To ensure that the gene silencing effect on GFP-negative cells was not due to insensitivity of GFP detection or silencing of transgenic expression, additional co-culture experiments were performed (figure 1B). A significant inhibition of HCV replication was observed when Huh7-ET HCV replicon cells were co-cultured with naïve Huh7 cells stably expressing shNS5b at a 1:1 ratio (51±12%, n=6, p<0.01) compared with Huh7-shCon co-cultures and untreated Huh7 cells (figure 1C). A similar effect was observed at a lower ratio of 1:0.5 Huh7-ET and Huh7-shNS5b cells, but lost significance when co-culturing at very low ratios (figure 1C). To confirm that primary human cells and other cell types also transmit RNAi, we tested primary B lymphocytes isolated from human spleen stably transduced with shRNA vectors (figure 1E). Similar to the co-culture with transduced Huh7 cells, a significant inhibition of viral replication was observed in replicon cells co-cultured with B cells expressing shNS5b at a ratio of 1:1 (p<0.01) or 1:5 (p<0.05) compared with co-cultures of B cells with shCon (figure 1F).
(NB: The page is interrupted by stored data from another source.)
Lemma derive_fcost n (Rt : nat -> 'M[R]_3) (c : nat -> R -> 'M[R]_3)
    (D : nat -> 'M[R]_3) :
  (forall i p q, (i < n)%N ->
     is_derive (0 : R) (1 : R) (fun t => c i t p q) (D i p q)) ->
  is_derive (0 : R) (1 : R) (fun t => fcost n Rt (fun i => c i t))
    (- \sum_(i < n) \sum_(j < n)
         \tr ((D i)^T *m Rblock n Rt i j *m c j 0
              + (c i 0)^T *m Rblock n Rt i j *m D j)).
Proof.
move=> hD; rewrite /fcost; apply: is_deriveN.
apply: is_derive_bigsum => i; apply: is_derive_bigsum => j.
by apply: is_derive_bigsum => a; apply: is_derive_sandwich => p q; apply: hD.
Qed.

End Calculus.

Theorem lemma1 (R : realType) (n : nat) (Rt : nat -> 'M[R]_3)
    (u : 'rV[R]_3) (theta : nat -> R) :
  (3 <= n)%N ->
  (forall s, (s < n)%N -> is_SO3 (Rt s)) ->
  unit_vec u ->
  (forall s, (s < n)%N -> Rt s = rotexp u (theta s)) ->
  forall (nh : 'rV[R]_3) (gamma : R),
    unit_vec nh -> - pi <= gamma <= pi ->
    cycle_error n Rt = rotexp nh gamma ->
  forall k : nat, (k < n)%N ->
    stationary n Rt (cand Rt (Eroot n nh gamma k)).
Proof.
move=> hn hRt _ _ nh gamma hnh _ hcyc k _.
set E := Eroot n nh gamma k.
have hE : is_SO3 E by apply: rotexp_SO3.
have hEn : \prod_(0 <= s < n) Rt s = E ^+ n.
  by rewrite -[LHS]/(cycle_error n Rt) hcyc Eroot_pow //; lia.
clearbody E; set X := cand Rt E.
have hX i : (i < n)%N -> is_SO3 (X i) by move=> hi; exact: cand_SO3 (ltnW hi).
split=> // c hc c0 hd.
pose D i := \matrix_(p < 3, q < 3) 'D_1 (fun t => c i t p q) 0.
have hD i p q :
    (i < n)%N -> is_derive (0 : R) (1 : R) (fun t => c i t p q) (D i p q).
  by move=> hi; rewrite mxE; apply/derivableP/hd.
(* The velocity of node i is X_i W_i with W_i skew-symmetric. *)
pose W i := (X i)^T *m D i.
have hW i : (i < n)%N -> (W i)^T = - W i.
  move=> hi; rewrite /W -(c0 i hi).
  by apply: orth_curve_tangent => [t|p q]; [case: (hc i hi t) | exact: hD].
have hDW i : (i < n)%N -> D i = X i *m W i.
  by move=> hi; rewrite /W mulmxA SO3_rinv ?mul1mx //; exact: hX.
have hS : (1%:M + E + E^T)^T = 1%:M + E + E^T.
  by rewrite !linearD /= trmx1 trmxK addrAC.
have hpair := balanced_skew_pairing hS (Rblock_const_rowsum E hn)
  (Rblock_const_colsum E hn) hW.
apply: is_derive_eq; first exact: derive_fcost.
rewrite -[RHS]oppr0; congr (- _); apply: etrans hpair.
apply: eq_bigr => i _; apply: eq_bigr => j _.
rewrite -mxtraceD -(cand_gauge hn hRt hE hEn (ltn_ord i) (ltn_ord j)).
by rewrite !c0 // !hDW // !trmx_mul !mulmxA.
Qed.
Lemma perm_coldeg : perm_eq [seq deg x | x <- enum (predC1 z)] (iota 0 m).
Proof.
have uniq_degs : uniq [seq deg x | x <- enum (predC1 z)].
  by rewrite map_inj_in_uniq ?enum_uniq // => x y; rewrite !mem_enum; apply: coldeg_inj.
apply: uniq_perm (iota_uniq 0 m) _ => //.
have sub_iota : {subset [seq deg x | x <- enum (predC1 z)] <= iota 0 m}.
  by move=> t /mapP[x]; rewrite mem_enum mem_iota => /not_full lt_m ->.
have [] := uniq_min_size uniq_degs sub_iota => //.
by rewrite size_map size_iota -cardE cardC1 card_V.
Qed.

Lemma card_coldeg_pred (P : pred nat) :
  #|[set x | (x != z) && P (deg x)]| = count P (iota 0 m).
Proof.
rewrite -(permP perm_coldeg) count_map cardE /enum_mem size_filter count_filter.
by apply: eq_count => x; rewrite !inE andbC.
Qed.

Lemma coldeg_onto t : t < m -> exists2 x, x != z & deg x = t.
Proof.
move=> lt_t; have : t \in iota 0 m by rewrite mem_iota.
by rewrite -(perm_mem perm_coldeg) => /mapP[x]; rewrite mem_enum; exists x.
Qed.

Definition label x := if x == z then m./2 else deg x.
Definition level x := minn (deg x) (m.-1 - deg x).
Definition red_threshold x := forall y, y != x -> red x y = (m <= deg x + label y).

Lemma red_threshold_low x : x != z -> 2 * deg x < m ->
  (forall y, y != z -> level y < level x -> red_threshold y) -> red_threshold x.
Proof.
move=> x_z low IH.
pose A := [set y | (y != z) && (m - deg x <= deg y)].
have cardA : #|A| = deg x by rewrite card_coldeg_pred count_leq_iota; lia.
have subA : A \subset [set y | (y != x) && (red x y == true)].
  apply/subsetP => y; rewrite !inE => /andP[y_z hi_y].
  have y_x : y != x by apply: contraTneq hi_y => ->; lia.
  have lvl : level y < level x by rewrite /level; have := not_full y_z; lia.
  rewrite y_x red_sym (IH y y_z lvl x); last by rewrite eq_sym.
  by rewrite /label (negPf x_z); lia.
move=> y y_x; rewrite -[red x y]eqb_id (eq_colour_subset subA _ y_x) ?cardA //.
by rewrite inE /label; case: (eqVneq y z) => [->|y_z]; rewrite ?eqxx ?andFb ?y_z; lia.
Qed.
(* Let $K$ be a commutative totally ordered quasi-field of characteristic $1$, and let $P,Q\in K[X_1,\dots,X_n]$. Suppose $x\in K^n$ is a zero of $P$ and that there exists a nonzero $R\in K[X_1,\dots,X_n]$ with $RP=RQ$. Then $x$ is also a zero of $Q$.
   Context: A quasi-field of characteristic $1$ (idempotent semifield) is a commutative semiring $K$ (with additive neutral $0$ and unit $1$) such that $1+1=1$ (hence $x+x=x$ for all $x$) and every nonzero element is invertible for multiplication. It is ordered by $a\le b$ iff $a+b=b$; totally ordered means this order is total, so $a+b=\max(a,b)$. A point $x\in K^n$ is a zero of $P\in K[X_1,\dots,X_n]$ if one can write $P=P_1+P_2$ where $P_1,P_2$ have disjoint sets of monomials and $P_1(x)=P_2(x)$; for totally ordered $K$ this means that $P(x)=0$ or that the maximum of the values of the monomials of $P$ at $x$ is attained by at least two distinct monomials. *)

From HB Require Import structures.
From mathcomp Require Import all_boot all_order all_algebra.
Set Implicit Arguments. Unset Strict Implicit. Unset Printing Implicit Defensive.
Import GRing.Theory.
Local Open Scope ring_scope.

Definition char1 (K : comNzSemiRingType) : Prop := (1 + 1 = 1 :> K).
Definition nonzero_invertible (K : comNzSemiRingType) : Prop :=
  forall x : K, x <> 0 -> exists y : K, x * y = 1.
Definition idem_le (K : comNzSemiRingType) (a b : K) : Prop := a + b = b.
Definition totally_ordered (K : comNzSemiRingType) : Prop :=
  forall a b : K, idem_le a b \/ idem_le b a.

Definition monom (n : nat) := {ffun 'I_n -> nat}.
Definition monom_add n (a b : monom n) : monom n := [ffun i => a i + b i].
(* Let $X$, $A$, $B$, $C$, $Y$, $H$, $V$, $G_+$, $G_-$ be as in the context. Then $G_+$ and $G_-$ are closed and quasi-accretive. In particular, for $G\in\{G_+,G_-\}$ and all $\xi\in D(H)$, $\mathrm{Re}(\xi|G\xi)\geqslant-(\mu_B+|V|)(\xi|\xi)$, where one may take $\mu_B:=0$ if $B$ is symmetric and $\mu_B:=\|B\|$ if $B$ is bounded.
   Context: $(X,\langle\cdot|\cdot\rangle)$ is a nontrivial complex Hilbert space with norm $\|\cdot\|$. $A:D(A)\to X$ is a densely defined self-adjoint linear operator with $\langle\xi|A\xi\rangle\geqslant\varepsilon\langle\xi|\xi\rangle$ for all $\xi\in D(A)$ for some $\varepsilon>0$; $A^{1/2}$ is its positive self-adjoint square root. $B:D(A^{1/2})\to X$ is linear with $\|B\xi\|^2\leqslant a^2\|A^{1/2}\xi\|^2+b^2\|\xi\|^2$ for all $\xi\in D(A^{1/2})$, for some $a\in[0,1)$, $b\in\mathbb{R}$, and $B$ is symmetric or bounded. $C:D(A^{1/2})\to X$ is linear with $\|C\xi\|^2\leqslant c^2\|A^{1/2}\xi\|^2+d^2\|\xi\|^2$ for all $\xi\in D(A^{1/2})$, for some real $c,d$. $Y:=D(A^{1/2})\times X$ with inner product $(\xi|\eta):=\langle A^{1/2}\xi_1|A^{1/2}\eta_1\rangle+\langle\xi_2|\eta_2\rangle$; $|V|$ is the operator norm of $V$ on $Y$. $H:D(A)\times D(A^{1/2})\to Y$, $H\xi:=(-i\xi_2,iA\xi_1)$; $\hat B:D(H)\to Y$, $\hat B\xi:=(0,-B\xi_2)$; $V:Y\to Y$, $V\xi:=(0,iC\xi_1)$ (a bounded operator); $G_+:=-i(H+\hat B+V)$, $G_-:=i(H+\hat B+V)$ with domain $D(H)$. An operator $G$ is quasi-accretive if there is $\omega\in\mathbb{R}$ with $\mathrm{Re}(\xi|G\xi)\geqslant-\omega(\xi|\xi)$ for all $\xi\in D(G)$. *)

From HB Require Import structures.
From mathcomp Require Import all_boot all_order all_algebra.
From mathcomp Require Import complex.
From mathcomp Require Import boolp classical_sets reals.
RNAi transmission has been reported to be dependent20 or independent15 on cell contact depending on the model used, although the exact mechanisms remain largely elusive. Using immunofluorescence microscopy, we observed that LV-shCD81-dependent knockdown of CD81 expression in GFP-negative cells was not restricted to cells in direct contact with GFP-positive cells but, rather, a general pattern of CD81 reduction was seen (data not shown). To further investigate whether RNAi can be transmitted in the absence of direct cell-cell contact, CM was prepared from stably transduced Huh7 cells expressing shCon, shCD81 or shNS5b (figure 1B). As shown in figure 1D, exposure of Huh7-ET cells to shNS5b-CM (at a final concentration of 50%) specifically reduced HCV replication by 39±12% (n=9, p<0.01) without transfer of GFP positivity. Treatment with shCD81-CM also significantly reduced CD81 expression in Huh7 cells (23.5±5.1% inhibition, n=7, p<0.01). These results suggest that transmission of RNAi is independent of cell contact but rather seems to involve the uptake of released silencing RNA components.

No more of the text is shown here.